# Problem:
Your response should match the records line for line.

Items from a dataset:
────────
(* Let $q=|q|e^{i\varphi}$, where $|q|\in L^\infty(\mathbb{R})$ never vanishes and $\varphi:\mathbb{R}\to\mathbb{R}$ is locally absolutely continuous with $\partial_x\varphi\in L^\infty(\mathbb{R};\mathbb{R})$, and suppose that $u_\pm:=\frac12\partial_x\varphi\pm|q|\in L^\infty(\mathbb{R};\mathbb{R})$. Let $$L=\begin{pmatrix} i\partial_x & -iq\\ i\bar q & -i\partial_x\end{pmatrix}:H^1(\mathbb{R};\mathbb{C}^2)\to L^2(\mathbb{R};\mathbb{C}^2),\qquad \mathcal{L}=\begin{pmatrix} -u_- & i\partial_x\\ i\partial_x & -u_+\end{pmatrix}:H^1(\mathbb{R};\mathbb{C}^2)\to L^2(\mathbb{R};\mathbb{C}^2),$$ and let $M$ be the multiplication operator by the unitary matrix $$M=\frac1{\sqrt2}\begin{pmatrix} e^{-\frac12 i(\varphi-\frac\pi2)} & e^{\frac12 i(\varphi-\frac\pi2)}\\ e^{-\frac12 i(\varphi-\frac\pi2)} & -e^{\frac12 i(\varphi-\frac\pi2)}\end{pmatrix}.$$ Then $M$ maps $H^s(\mathbb{R};\mathbb{C}^2)$ bijectively onto itself for $s=0,1$, and $L$ and $\mathcal{L}$ are unitarily equivalent: $L=M^\ast\mathcal{L}M$.
   Context: $L$ is the Lax operator of the one-dimensional cubic defocusing nonlinear Schrödinger equation $i\partial_t q+\partial_{xx}q=2|q|^2q$; $M^\ast$ denotes the conjugate transpose of $M$ (pointwise), which is its inverse. *)

From HB Require Import structures.
From mathcomp Require Import all_boot all_order all_algebra.
From mathcomp Require Import all_classical all_reals all_analysis.
From mathcomp Require Import complex.
Set Implicit Arguments. Unset Strict Implicit. Unset Printing Implicit Defensive.
Import Order.TTheory GRing.Theory Num.Theory.
Local Open Scope ring_scope.
Local Open Scope classical_set_scope.

Definition leb (R : realType) := @lebesgue_measure R.
Arguments leb R : clear implicits.

Definition rC (R : realType) (r : R) : R[i] := (r +i* 0)%C.
Definition iC (R : realType) : R[i] := (0 +i* 1)%C.
Arguments iC R : clear implicits.
Definition expi (R : realType) (t : R) : R[i] := (cos t +i* sin t)%C.
Definition cmod (R : realType) (z : R[i]) : R :=
  Num.sqrt (complex.Re z ^+ 2 + complex.Im z ^+ 2).

Definition reF (R : realType) (f : R -> R[i]) : R -> R := fun x => complex.Re (f x).
Definition imF (R : realType) (f : R -> R[i]) : R -> R := fun x => complex.Im (f x).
────────
# Written solution:
(* Let $q=|q|e^{i\varphi}$, where $|q|\in L^\infty(\mathbb{R})$ never vanishes and $\varphi:\mathbb{R}\to\mathbb{R}$ is locally absolutely continuous with $\partial_x\varphi\in L^\infty(\mathbb{R};\mathbb{R})$, and suppose that $u_\pm:=\frac12\partial_x\varphi\pm|q|\in L^\infty(\mathbb{R};\mathbb{R})$. Let $$L=\begin{pmatrix} i\partial_x & -iq\\ i\bar q & -i\partial_x\end{pmatrix}:H^1(\mathbb{R};\mathbb{C}^2)\to L^2(\mathbb{R};\mathbb{C}^2),\qquad \mathcal{L}=\begin{pmatrix} -u_- & i\partial_x\\ i\partial_x & -u_+\end{pmatrix}:H^1(\mathbb{R};\mathbb{C}^2)\to L^2(\mathbb{R};\mathbb{C}^2),$$ and let $M$ be the multiplication operator by the unitary matrix $$M=\frac1{\sqrt2}\begin{pmatrix} e^{-\frac12 i(\varphi-\frac\pi2)} & e^{\frac12 i(\varphi-\frac\pi2)}\\ e^{-\frac12 i(\varphi-\frac\pi2)} & -e^{\frac12 i(\varphi-\frac\pi2)}\end{pmatrix}.$$ Then $M$ maps $H^s(\mathbb{R};\mathbb{C}^2)$ bijectively onto itself for $s=0,1$, and $L$ and $\mathcal{L}$ are unitarily equivalent: $L=M^\ast\mathcal{L}M$.
   Context: $L$ is the Lax operator of the one-dimensional cubic defocusing nonlinear Schrödinger equation $i\partial_t q+\partial_{xx}q=2|q|^2q$; $M^\ast$ denotes the conjugate transpose of $M$ (pointwise), which is its inverse. *)

From HB Require Import structures.
From mathcomp Require Import all_boot all_order all_algebra.
From mathcomp Require Import all_classical all_reals all_analysis.
From mathcomp Require Import complex.
Set Implicit Arguments. Unset Strict Implicit. Unset Printing Implicit Defensive.
Import Order.TTheory GRing.Theory Num.Theory.
Local Open Scope ring_scope.
Local Open Scope classical_set_scope.

Definition leb (R : realType) := @lebesgue_measure R.
Arguments leb R : clear implicits.

Definition rC (R : realType) (r : R) : R[i] := (r +i* 0)%C.
Definition iC (R : realType) : R[i] := (0 +i* 1)%C.
Arguments iC R : clear implicits.
Definition expi (R : realType) (t : R) : R[i] := (cos t +i* sin t)%C.
Definition cmod (R : realType) (z : R[i]) : R :=
  Num.sqrt (complex.Re z ^+ 2 + complex.Im z ^+ 2).

Definition reF (R : realType) (f : R -> R[i]) : R -> R := fun x => complex.Re (f x).
Definition imF (R : realType) (f : R -> R[i]) : R -> R := fun x => complex.Im (f x).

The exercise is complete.